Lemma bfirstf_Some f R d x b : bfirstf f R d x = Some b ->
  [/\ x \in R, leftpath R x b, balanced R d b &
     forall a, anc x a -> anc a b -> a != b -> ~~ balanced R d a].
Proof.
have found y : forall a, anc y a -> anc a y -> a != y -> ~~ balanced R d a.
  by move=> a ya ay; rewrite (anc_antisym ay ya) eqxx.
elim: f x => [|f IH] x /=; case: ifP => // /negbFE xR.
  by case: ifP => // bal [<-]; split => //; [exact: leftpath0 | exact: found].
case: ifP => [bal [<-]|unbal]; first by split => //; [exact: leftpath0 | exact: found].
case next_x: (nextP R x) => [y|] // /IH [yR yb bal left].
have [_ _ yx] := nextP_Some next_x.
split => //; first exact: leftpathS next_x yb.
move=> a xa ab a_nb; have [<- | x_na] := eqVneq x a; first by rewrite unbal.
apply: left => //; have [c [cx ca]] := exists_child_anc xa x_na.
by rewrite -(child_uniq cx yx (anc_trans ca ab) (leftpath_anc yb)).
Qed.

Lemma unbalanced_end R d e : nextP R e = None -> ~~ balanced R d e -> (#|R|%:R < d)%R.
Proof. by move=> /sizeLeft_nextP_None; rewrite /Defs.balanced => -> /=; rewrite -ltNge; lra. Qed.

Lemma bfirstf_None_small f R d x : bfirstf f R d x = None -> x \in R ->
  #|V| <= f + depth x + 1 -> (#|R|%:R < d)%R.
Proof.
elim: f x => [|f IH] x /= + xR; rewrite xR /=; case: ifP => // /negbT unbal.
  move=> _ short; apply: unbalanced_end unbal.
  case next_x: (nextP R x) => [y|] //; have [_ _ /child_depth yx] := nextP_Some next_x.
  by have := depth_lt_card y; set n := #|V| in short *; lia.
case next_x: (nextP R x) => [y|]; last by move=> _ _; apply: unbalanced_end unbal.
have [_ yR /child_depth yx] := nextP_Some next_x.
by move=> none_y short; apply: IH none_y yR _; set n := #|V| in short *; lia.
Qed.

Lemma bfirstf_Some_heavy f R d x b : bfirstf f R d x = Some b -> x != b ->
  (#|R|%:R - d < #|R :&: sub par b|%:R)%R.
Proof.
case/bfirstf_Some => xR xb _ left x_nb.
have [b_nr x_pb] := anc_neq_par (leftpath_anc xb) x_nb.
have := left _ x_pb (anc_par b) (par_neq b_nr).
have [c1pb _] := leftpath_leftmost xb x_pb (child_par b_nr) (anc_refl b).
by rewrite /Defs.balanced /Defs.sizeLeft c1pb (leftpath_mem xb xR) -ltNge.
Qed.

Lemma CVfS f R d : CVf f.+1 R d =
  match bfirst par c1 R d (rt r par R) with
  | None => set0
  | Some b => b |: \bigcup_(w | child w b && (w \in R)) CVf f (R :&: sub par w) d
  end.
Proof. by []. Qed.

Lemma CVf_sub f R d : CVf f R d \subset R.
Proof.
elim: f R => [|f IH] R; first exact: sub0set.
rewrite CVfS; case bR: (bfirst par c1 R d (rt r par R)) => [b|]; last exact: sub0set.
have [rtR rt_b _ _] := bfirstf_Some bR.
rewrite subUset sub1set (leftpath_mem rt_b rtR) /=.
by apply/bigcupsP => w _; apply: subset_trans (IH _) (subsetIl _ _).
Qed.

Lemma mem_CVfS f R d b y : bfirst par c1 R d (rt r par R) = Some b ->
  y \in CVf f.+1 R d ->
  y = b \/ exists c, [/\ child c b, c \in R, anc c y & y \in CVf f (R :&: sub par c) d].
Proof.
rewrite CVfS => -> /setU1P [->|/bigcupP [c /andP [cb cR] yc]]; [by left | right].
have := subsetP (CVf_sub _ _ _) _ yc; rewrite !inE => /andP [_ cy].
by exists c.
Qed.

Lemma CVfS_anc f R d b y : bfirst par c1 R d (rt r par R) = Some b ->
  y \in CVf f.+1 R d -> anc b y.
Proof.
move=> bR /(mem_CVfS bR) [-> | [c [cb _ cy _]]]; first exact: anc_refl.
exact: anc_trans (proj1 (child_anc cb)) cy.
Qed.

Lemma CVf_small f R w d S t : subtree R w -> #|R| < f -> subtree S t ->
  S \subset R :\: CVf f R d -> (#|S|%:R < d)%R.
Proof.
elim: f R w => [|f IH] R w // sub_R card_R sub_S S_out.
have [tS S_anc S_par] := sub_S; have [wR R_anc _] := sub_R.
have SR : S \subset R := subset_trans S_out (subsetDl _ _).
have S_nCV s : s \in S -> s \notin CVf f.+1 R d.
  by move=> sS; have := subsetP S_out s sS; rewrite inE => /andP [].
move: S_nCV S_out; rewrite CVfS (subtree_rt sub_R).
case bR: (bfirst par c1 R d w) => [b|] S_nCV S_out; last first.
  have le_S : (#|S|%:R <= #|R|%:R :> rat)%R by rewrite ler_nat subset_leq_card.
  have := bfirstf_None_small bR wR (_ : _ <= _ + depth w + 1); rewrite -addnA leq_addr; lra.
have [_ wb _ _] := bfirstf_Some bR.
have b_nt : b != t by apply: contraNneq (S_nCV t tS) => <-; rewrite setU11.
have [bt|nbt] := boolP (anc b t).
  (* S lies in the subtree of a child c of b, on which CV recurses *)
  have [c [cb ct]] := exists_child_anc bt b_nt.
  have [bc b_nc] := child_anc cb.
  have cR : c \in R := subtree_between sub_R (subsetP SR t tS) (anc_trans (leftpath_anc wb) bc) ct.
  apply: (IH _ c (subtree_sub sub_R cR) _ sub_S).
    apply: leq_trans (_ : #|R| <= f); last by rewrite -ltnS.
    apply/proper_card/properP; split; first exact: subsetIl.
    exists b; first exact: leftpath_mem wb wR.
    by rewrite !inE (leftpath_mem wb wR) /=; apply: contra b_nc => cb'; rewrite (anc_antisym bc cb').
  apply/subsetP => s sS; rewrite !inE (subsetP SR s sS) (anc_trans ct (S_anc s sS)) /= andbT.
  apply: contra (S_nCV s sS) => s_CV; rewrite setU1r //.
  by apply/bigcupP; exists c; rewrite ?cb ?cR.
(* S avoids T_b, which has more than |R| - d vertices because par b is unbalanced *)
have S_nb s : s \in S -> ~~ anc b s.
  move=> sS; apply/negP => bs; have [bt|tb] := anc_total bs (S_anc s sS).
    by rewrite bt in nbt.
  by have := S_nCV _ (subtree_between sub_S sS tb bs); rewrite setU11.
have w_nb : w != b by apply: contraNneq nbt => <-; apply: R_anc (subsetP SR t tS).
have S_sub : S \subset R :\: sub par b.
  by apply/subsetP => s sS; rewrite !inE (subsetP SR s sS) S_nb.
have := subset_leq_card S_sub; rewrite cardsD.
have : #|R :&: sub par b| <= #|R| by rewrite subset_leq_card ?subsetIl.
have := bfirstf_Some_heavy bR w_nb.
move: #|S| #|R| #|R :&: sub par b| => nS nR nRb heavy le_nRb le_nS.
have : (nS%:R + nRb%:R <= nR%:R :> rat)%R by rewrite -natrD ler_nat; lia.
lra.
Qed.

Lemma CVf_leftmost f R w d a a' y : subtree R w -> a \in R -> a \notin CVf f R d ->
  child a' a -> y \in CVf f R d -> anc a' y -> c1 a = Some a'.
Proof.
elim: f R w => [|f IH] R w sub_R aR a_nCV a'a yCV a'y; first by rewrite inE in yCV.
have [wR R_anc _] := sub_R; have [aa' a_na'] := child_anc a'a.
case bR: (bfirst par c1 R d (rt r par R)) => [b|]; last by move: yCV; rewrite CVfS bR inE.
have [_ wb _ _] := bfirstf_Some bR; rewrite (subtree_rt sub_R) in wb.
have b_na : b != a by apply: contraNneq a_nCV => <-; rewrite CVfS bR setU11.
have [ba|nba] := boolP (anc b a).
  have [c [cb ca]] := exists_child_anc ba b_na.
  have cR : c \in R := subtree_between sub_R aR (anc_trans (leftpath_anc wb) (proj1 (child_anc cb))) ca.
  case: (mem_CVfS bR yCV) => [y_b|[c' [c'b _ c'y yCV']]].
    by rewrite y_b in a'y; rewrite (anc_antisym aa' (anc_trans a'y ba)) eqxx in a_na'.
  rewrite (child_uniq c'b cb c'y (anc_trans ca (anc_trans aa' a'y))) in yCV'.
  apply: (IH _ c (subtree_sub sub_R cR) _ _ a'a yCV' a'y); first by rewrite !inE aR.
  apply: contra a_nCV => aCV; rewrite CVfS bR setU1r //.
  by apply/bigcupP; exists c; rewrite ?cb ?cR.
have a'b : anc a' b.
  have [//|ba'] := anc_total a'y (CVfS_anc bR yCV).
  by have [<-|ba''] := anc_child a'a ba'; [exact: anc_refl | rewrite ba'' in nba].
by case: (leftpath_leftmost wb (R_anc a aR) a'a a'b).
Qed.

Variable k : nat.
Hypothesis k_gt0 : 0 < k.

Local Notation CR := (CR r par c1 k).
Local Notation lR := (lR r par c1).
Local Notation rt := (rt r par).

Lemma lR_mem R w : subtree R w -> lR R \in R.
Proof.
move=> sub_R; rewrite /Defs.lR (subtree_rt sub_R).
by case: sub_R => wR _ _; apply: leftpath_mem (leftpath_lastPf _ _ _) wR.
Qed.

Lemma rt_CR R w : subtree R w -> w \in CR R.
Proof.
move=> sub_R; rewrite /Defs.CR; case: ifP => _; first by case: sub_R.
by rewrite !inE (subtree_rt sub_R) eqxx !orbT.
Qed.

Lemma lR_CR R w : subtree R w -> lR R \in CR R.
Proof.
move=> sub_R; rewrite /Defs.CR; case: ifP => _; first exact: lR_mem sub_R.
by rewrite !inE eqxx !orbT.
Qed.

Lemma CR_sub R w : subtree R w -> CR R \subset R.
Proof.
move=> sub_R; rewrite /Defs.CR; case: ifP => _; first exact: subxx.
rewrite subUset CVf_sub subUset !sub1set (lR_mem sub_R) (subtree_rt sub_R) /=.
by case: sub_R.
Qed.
=======
### WHAT YOU WILL DO
If a line in the data holds the string "eqxx", copy that line.

### REPLY
  by move=> a ya ay; rewrite (anc_antisym ay ya) eqxx.
    by rewrite y_b in a'y; rewrite (anc_antisym aa' (anc_trans a'y ba)) eqxx in a_na'.
by rewrite !inE (subtree_rt sub_R) eqxx !orbT.
by rewrite !inE eqxx !orbT.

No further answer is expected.